As during the Mubarak era, some administration officials appear to believe that U.S. interests, including Egypt’s peace accord with Israel, preclude using aid to pressure the military for political change. It is past time to abandon that wrongheaded doctrine.
• AFP points out that a trial for Saif al-Islam Gaddafi could become embarrassing for Britain (particularly the London School of Economics) as their ties to the old Libyan regime will come under fresh scrutiny.

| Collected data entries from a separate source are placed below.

(* Let $X$ be a real reflexive Banach space, let $h\in\mathcal{H}$ and $(x,x^{\ast})\in X\times X^{\ast}$. If $\max\{(\mathcal{A}h)(x,x^{\ast}),((\mathcal{A}h)^{\ast}\circ i)(x,x^{\ast})\}=+\infty$, then $(\mathcal{A}^{\infty}h)(x,x^{\ast})=+\infty$. If $\max\{(\mathcal{A}h)(x,x^{\ast}),((\mathcal{A}h)^{\ast}\circ i)(x,x^{\ast})\}<+\infty$, $\epsilon>0$, and $n$ is an integer with $n>1+\log_2\big((\mathcal{A}h)(x,x^{\ast})-((\mathcal{A}h)^{\ast}\circ i)(x,x^{\ast})\big)-\log_2\epsilon$, then $(\mathcal{A}^n h)(x,x^{\ast})-\epsilon\le(\mathcal{A}^{\infty}h)(x,x^{\ast})$.
   Context: $X^{\ast}$ is the dual of $X$ with pairing $\langle\cdot,\cdot\rangle$. The dual of $X\times X^{\ast}$ is identified with $X^{\ast}\times X$ via $\langle (x,x^{\ast}),(y^{\ast},y)\rangle=\langle x,y^{\ast}\rangle+\langle y,x^{\ast}\rangle$; for $g:X\times X^{\ast}\to\mathbb{R}\cup\{+\infty\}$, $g^{\ast}(y^{\ast},y)=\sup_{(z,z^{\ast})}\{\langle z,y^{\ast}\rangle+\langle y,z^{\ast}\rangle-g(z,z^{\ast})\}$, and $i(z,z^{\ast})=(z^{\ast},z)$. For a maximally monotone $T:X\rightrightarrows X^{\ast}$, $\mathcal{H}(T)$ is the family of lower semicontinuous convex functions $h:X\times X^{\ast}\to\mathbb{R}\cup\{+\infty\}$ with $h(z,z^{\ast})\ge\langle z,z^{\ast}\rangle$ everywhere and $h(z,z^{\ast})=\langle z,z^{\ast}\rangle$ whenever $z^{\ast}\in T(z)$; $\mathcal{H}$ is the union of $\mathcal{H}(T)$ over all maximally monotone $T$. $\mathcal{A}h:=\tfrac12(h+h^{\ast}\circ i)$, $\mathcal{A}^n$ is its $n$-th iterate, and $\mathcal{A}^{\infty}h$ is the pointwise limit (equivalently infimum) of the pointwise non-increasing sequence $\{\mathcal{A}^n h\}_{n\ge1}$. The convention $\log_2 0=-\infty$ applies. *)

From HB Require Import structures.
From mathcomp Require Import all_boot all_order all_algebra.
From mathcomp Require Import all_classical all_reals all_analysis.
Set Implicit Arguments. Unset Strict Implicit. Unset Printing Implicit Defensive.
Import Order.TTheory GRing.Theory Num.Theory.
Import numFieldNormedType.Exports.
Local Open Scope classical_set_scope.
Local Open Scope ring_scope.

(* Real Banach space X over a realType R.  Elements of the dual X^* are
   represented as functions X -> R satisfying [is_dual]; the pairing
   <x, x^*> is application x^* x. *)
Section Defs.
Context {R : realType} {X : normedModType R}.

Definition is_dual (f : X -> R) : Prop :=
  (forall (a : R) (x y : X), f (a *: x + y) = a * f x + f y) /\ continuous f.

• An independent inquiry into Bahrain’s protests, crackdown and aftermath has the Gulf state hanging on the edge. M. Cherif Bassiouni is due to release his report on Wednesday. The NY Times writes:
Its promise is to chart a way forward for changes to blunt the fires of revolution that have swept Tunisia, Egypt and Libya.
Its peril is that it comes too late for Bahrain.
• Libya’s trying to build a new army from scratch. Judging from the NY Times, it’s an uphill battle:
Diederik Vandewalle, an expert on Libya at Dartmouth College, said it would be difficult for the new army to fulfill “the first requirement of any modern state — to have a monopoly on violence.” He added, “One of the elements you need to instill in your soldiers is a sense of national identity, and that identity has to be on a national level. But the militias have an identity tied to their group or town.”
Rest O’ the Roundup
• Nice BBC video on can-do start ups made Israel a hi-tech hub.
• Here’s the full Haaretz article on Palestinian businessmen investing in Israel and settlements.
• A member of the Government Press Office’s advisory council quit to protest gov’t moves she says restrict freedom of speech. Details at Haaretz.
• Another step backward for the BDS movement: Israel to Open Embassy in Albania
• Ruth Wisse asks: Who is more damaged by anti-Semitism? Jews, or those who organize politics against them?
• Irish rugby star Trevor Hogan shills for the flotilla movement.
• In a fascinating and remarkably candid interview with the Columbia Journalism Review, photographer Andrea Bruce describes what it was like to work in Iraq:
I started to divide my life into two different realms. Like, I have a bulletproof vest, and I travel with $10,000 in my sock and, and I wear an abaya half the time and my helmet the other half the time, like some sort of deranged superhero or something. And then in the other life I am this suburban housewife. Things like doing the bills, all those things, became—it’s just that the two lives didn’t fit anymore and eventually neither did my husband.